In 1964, Carter sought the Republican nomination for Congress, following the retirement of Representative Eugene Siler. Carter won the election over Democrat Frances Jones Mills and served in the U.S. House of Representatives until his retirement in 1981. He was one of the few bright spots in a disastrous year for the GOP. However, he represented one of the few ancestrally Republican districts south of the Ohio River. Voters in this region identified with the Republicans after the Civil War, and have supported the GOP through good times and bad ever since. As a veteran physician, he was considered a moderate-progressive Republican in Washington.

In 1966, Congressman Carter was sent by President Johnson to Vietnam along with ten other war-veteran congressmen on a "Speaker's Committee." Upon his return, he was asked by Johnson about his opinion of the state of the war.
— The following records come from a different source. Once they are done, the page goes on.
Lemma perpS2_perp_third x y a b c w : y \notin perp x ->
  a \in perpS [set x; y] -> b \in perpS [set x; y] -> c \in perpS [set x; y] ->
  a != b -> a != c -> b != c ->
  w \in perpS [set a; b] -> w \notin perp x -> w \notin perp y -> c \in perp w.
Proof.
move=> yx aP bP cP ab ac bc wP wx wy; apply: contraT => cw.
have ba := perp2_notperp yx aP bP ab.
have ca := perp2_notperp yx aP cP ac.
have cb := perp2_notperp yx bP cP bc.
move: (aP) (bP) (cP) (wP); rewrite !perpS2E.
move=> /andP[ax ay] /andP[bx by_] /andP[cx cy] /andP[wa wb].
have cnx : c != x by apply: contraNneq yx => <-; rewrite perp_sym.
have cny : c != y by apply: contraNneq yx => <-.
have xw : x \notin perp w by rewrite perp_sym.
have yw : y \notin perp w by rewrite perp_sym.
(* The projections t1, t2 of w on the lines cx and cy avoid the lines wa and wb,
   so they lie on the third line through w, and then so does c. *)
have [t1 [t1x t1c t1nc t1w t1ab]] := line_proj_avoid cx cnx cw xw.
have [t2 [t2y t2c t2nc t2w t2ab]] := line_proj_avoid cy cny cw yw.
have aw : a \in perp w by rewrite perp_sym.
have bw : b \in perp w by rewrite perp_sym.
have t2t1 : t2 \in perp t1.
  exact: third_line_perp aw bw ba t1w (t1ab a ax ca) (t1ab b bx cb)
                         t2w (t2ab a ay ca) (t2ab b by_ cb).
have [t12|t12] := eqVneq t1 t2.
  have t1P : t1 \in perpS [set x; y] by rewrite perpS2E t1x t12 t2y.
  have ct1 : c != t1 by rewrite eq_sym.
  by have := perp2_notperp yx cP t1P ct1; rewrite t1c.
have [l lL /andP[t1l t2l]] := perp_line t2t1.
have wl : w \in l by apply: (perp2_mem_line lL t1l t2l t12); rewrite perp_sym.
have cl : c \in l by apply: (perp2_mem_line lL t1l t2l t12); rewrite perp_sym.
by rewrite (line_perp lL wl cl) in cw.
Qed.

Lemma perpS2_regular x y : y \notin perp x ->
  exists w, [/\ w \notin perp x, w \notin perp y & perpS [set x; y] \subset perp w].
Proof.
move=> yx; have P3 := card_perpS2_notperp yx.
have /card_gt1P[a [b [aP bP ab]]] : 1 < #|perpS [set x; y]| by rewrite P3.
have ba := perp2_notperp yx aP bP ab.
have [xQ yQ] : x \in perpS [set a; b] /\ y \in perpS [set a; b].
  by move: aP bP; rewrite !perpS2E !(perp_sym _ x) !(perp_sym _ y) => /andP[-> ->] /andP[-> ->].
have [w [wQ wx wy]] : exists w, [/\ w \in perpS [set a; b], w != x & w != y].
  by apply: card3_avoid2; rewrite card_perpS2_notperp.
have wx' : w \notin perp x by apply: (perp2_notperp ba xQ wQ); rewrite eq_sym.
have wy' : w \notin perp y by apply: (perp2_notperp ba yQ wQ); rewrite eq_sym.
exists w; split=> //; apply/subsetP => c cP.
have [->|ca] := eqVneq c a.
  by rewrite perp_sym; move: wQ; rewrite perpS2E => /andP[].
have [->|cb] := eqVneq c b.
  by rewrite perp_sym; move: wQ; rewrite perpS2E => /andP[].
by apply: (perpS2_perp_third yx aP bP cP ab _ _ wQ wx' wy'); rewrite eq_sym.
Qed.

Definition line_or_ctriad A : bool := (A \in L) || complete_triad L A.

Lemma pair_span x y : x != y -> exists z,
  [/\ #|[set x; y; z]| = 3, line_or_ctriad [set x; y; z] & perpS [set x; y; z] = perpS [set x; y]].
Proof.
move=> xy; case: (boolP (y \in perp x)) => [/perp_line[l lL /andP[xl yl]]|yx].
  have [z [zl zx zy]] : exists z, [/\ z \in l, z != x & z != y].
    by apply: card3_avoid2; rewrite line_card.
  have lE : l = [set x; y; z] by apply: card3_eq; rewrite 1?line_card // eq_sym.
  exists z; rewrite -lE /line_or_ctriad lL perpS_line ?(perpS2_line lL) ?line_card //.
have [w [wx wy /subsetP sub]] := perpS2_regular yx.
have xyw : perpS [set x; y; w] = perpS [set x; y].
  apply/setP => z; apply/perpSP/idP => [zA|zP a /set3P[]->].
  - by rewrite perpS2E !zA // !inE eqxx ?orbT.
  - by move: zP; rewrite perpS2E => /andP[].
  - by move: zP; rewrite perpS2E => /andP[].
  - exact: sub.
exists w; rewrite /line_or_ctriad /complete_triad xyw triad3 ?card_perpS2_notperp ?orbT //.
by split; rewrite // cards3 ?(notperp_neq wx) ?(notperp_neq wy).
Qed.

Lemma line_or_ctriad_perpS A x y z : line_or_ctriad A -> x \in A -> y \in A -> x != y ->
  z \in perp x -> z \in perp y -> z \in perpS A.
Proof.
case/orP => [AL | /andP[/triadP[_ nA] /eqP A3]] xA yA xy zx zy.
  rewrite perpS_line //; apply: (perp2_mem_line AL xA yA xy zx zy).
have AE : perpS A = perpS [set x; y].
  apply/eqP; rewrite eqEcard A3 card_perpS2 // leqnn andbT perpS_sub //.
  by apply/subsetP => a /set2P[]->.
by rewrite AE perpS2E zx zy.
Qed.

Lemma line_or_ctriad_perpSK A : line_or_ctriad A ->
  line_or_ctriad (perpS A) /\ perpS (perpS A) = A.
Proof.
case/orP => [AL | /andP[/triadP[A3 nA] /eqP P3]].
  by rewrite !perpS_line // /line_or_ctriad AL.
have /card_gt1P[x [y [xA yA xy]]] : 1 < #|A| by rewrite A3.
have PA : perpS A \subset perpS [set x; y].
  by apply: perpS_sub; apply/subsetP => a /set2P[]->.
have nP : {in perpS A &, forall u v, u != v -> v \notin perp u}.
  move=> u v uP vP; apply: (perp2_notperp (nA x y xA yA xy)); exact: (subsetP PA).
have /card_gt1P[u [v [uP vP uv]]] : 1 < #|perpS A| by rewrite P3.
have AK : perpS (perpS A) = A.
  apply/eqP; rewrite eq_sym eqEcard sub_perpSK A3 -(card_perpS2_notperp (nP u v uP vP uv)).
  by apply/subset_leq_card/perpS_sub/subsetP => a /set2P[]->.
split=> //; rewrite /line_or_ctriad /complete_triad AK A3 eqxx andbT.
by apply/orP; right; apply/triadP.
Qed.
Lemma partialD (h g : pt -> R) i x : differentiable h x -> differentiable g x ->
  partial (fun y => h y + g y) i x = partial h i x + partial g i x.
Proof. by move=> dh dg; rewrite /partial (@deriveD _ _ _ h g) //; apply: diff_derivable. Qed.

Lemma partialM (h g : pt -> R) i x : differentiable h x -> differentiable g x ->
  partial (fun y => h y * g y) i x = h x * partial g i x + g x * partial h i x.
Proof. by move=> dh dg; rewrite /partial (@deriveM _ _ h g) //; apply: diff_derivable. Qed.

Lemma partial_cst c i x : partial (fun _ => c) i x = 0.
Proof. exact: derive_cst. Qed.

Lemma near_eq_partial (f g : pt -> R) i x : (\forall y \near x, f y = g y) ->
  partial f i x = partial g i x.
Proof. by move=> fg; apply: near_eq_derive. Qed.

Lemma derive_along_segment (F : pt -> R) (p d : pt) (t : R) :
  differentiable F (p + t *: d) ->
  derivable (fun s : R => F (p + s *: d)) t 1 /\
  'D_1 (fun s : R => F (p + s *: d)) t = derive F (p + t *: d) d.
Proof.
move=> dF.
have ge : (fun s : R => p + s *: d) = cst p + ( *:%R ^~ d) by apply: funext.
have gd : is_diff t (cst p + ( *:%R ^~ d)) (0 + ( *:%R ^~ d)) by exact: is_diffD.
have dg : differentiable (fun s : R => p + s *: d) t by rewrite ge; exact: ex_diff.
have dg1 : 'd (fun s : R => p + s *: d) t 1 = d.
  by rewrite ge diff_val /= add0r scale1r.
have dc : differentiable (F \o (fun s : R => p + s *: d)) t.
  exact: differentiable_comp.
split; first exact/derivable1_diffP.
by rewrite deriveE // diff_comp //= dg1 deriveE.
Qed.

(* [phi^2 exp(-2 L t)] is nonincreasing on [0, 1]. *)
Lemma gronwall01 (phi : R -> R) L :
  (forall t, 0 <= t <= 1 -> derivable phi t 1) ->
  (forall t, 0 < t < 1 -> `|'D_1 phi t| <= L * `|phi t|) ->
  phi 0 = 0 -> phi 1 = 0.
Proof.
move=> dphi bnd phi0.
pose g : R -> R := phi * phi * (expR \o ( *%R (- (2 * L)))).
have gd (t : R) : 0 <= t <= 1 -> is_derive t 1 g
    ((phi t * phi t) * (expR (- (2 * L) * t) * (- (2 * L))) +
     expR (- (2 * L) * t) * (phi t * 'D_1 phi t + phi t * 'D_1 phi t)).
  move=> /dphi /derivableP dp; apply: is_derive_eq.
  by rewrite /= /GRing.scale /= mulr1.
have g_noninc : g 1 <= g 0.
  apply: (@ler0_derive1_nincr _ g 0 1) => //.
  - move=> x; rewrite in_itv /= => /andP[x0 x1].
    by have [] := gd x (ltac:(by rewrite !ltW) : 0 <= x <= 1).
  - move=> x; rewrite in_itv /= => /andP[x0 x1].
    have [_ dg] := gd x (ltac:(by rewrite !ltW) : 0 <= x <= 1).
    rewrite derive1E dg.
    have ex := expR_gt0 (- (2 * L) * x).
    have bx := bnd x (ltac:(by rewrite x0 x1) : 0 < x < 1).
    have h1 : phi x * 'D_1 phi x <= `|phi x| * `|'D_1 phi x|.
      by rewrite -normrM ler_norm.
    have h2 : `|phi x| * `|'D_1 phi x| <= `|phi x| * (L * `|phi x|).
      by rewrite ler_wpM2l.
    have h3 : `|phi x| * `|phi x| = phi x * phi x.
      by rewrite -normrM ger0_norm // -expr2 sqr_ge0.
    have hd : phi x * 'D_1 phi x - L * (phi x * phi x) <= 0.
      by rewrite subr_le0 -h3 (le_trans h1) // (le_trans h2) // mulrCA.
    set e := expR _ in ex *.
    have -> : phi x * phi x * (e * - (2 * L)) +
      e * (phi x * 'D_1 phi x + phi x * 'D_1 phi x) =
      (2 * e) * (phi x * 'D_1 phi x - L * (phi x * phi x)) by ring.
    by rewrite mulr_ge0_le0 // mulr_ge0 // ltW.
  - apply: continuous_in_subspaceT => x; rewrite inE /= in_itv /= => x01.
    by have [/derivable1_diffP/differentiable_continuous] := gd x x01.
have g1 : phi 1 * phi 1 * expR (- (2 * L) * 1) <=
  phi 0 * phi 0 * expR (- (2 * L) * 0) by exact: g_noninc.
rewrite phi0 !mul0r in g1.
have ex := expR_gt0 (- (2 * L) * 1).
have : phi 1 * phi 1 <= 0 by rewrite -(@ler_pM2r _ (expR (- (2 * L) * 1))) // mul0r.
by nra.
Qed.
Carter went against the nine other delegates, stating: "No, Mr. President, you are not winning the war,". Carter later came to be known as the first Republican Congressman to call for the end of the Vietnam War. Rising before the U.S. House of Representatives on August 28, 1967, Carter stated "Let us now, while we are yet strong, bring our men home, every man jack of them. The Vietcong fight fiercely and tenaciously because it is their land and we are foreigners intervening in their civil war. If we must fight, let us fight in defense of our homeland and our own hemisphere."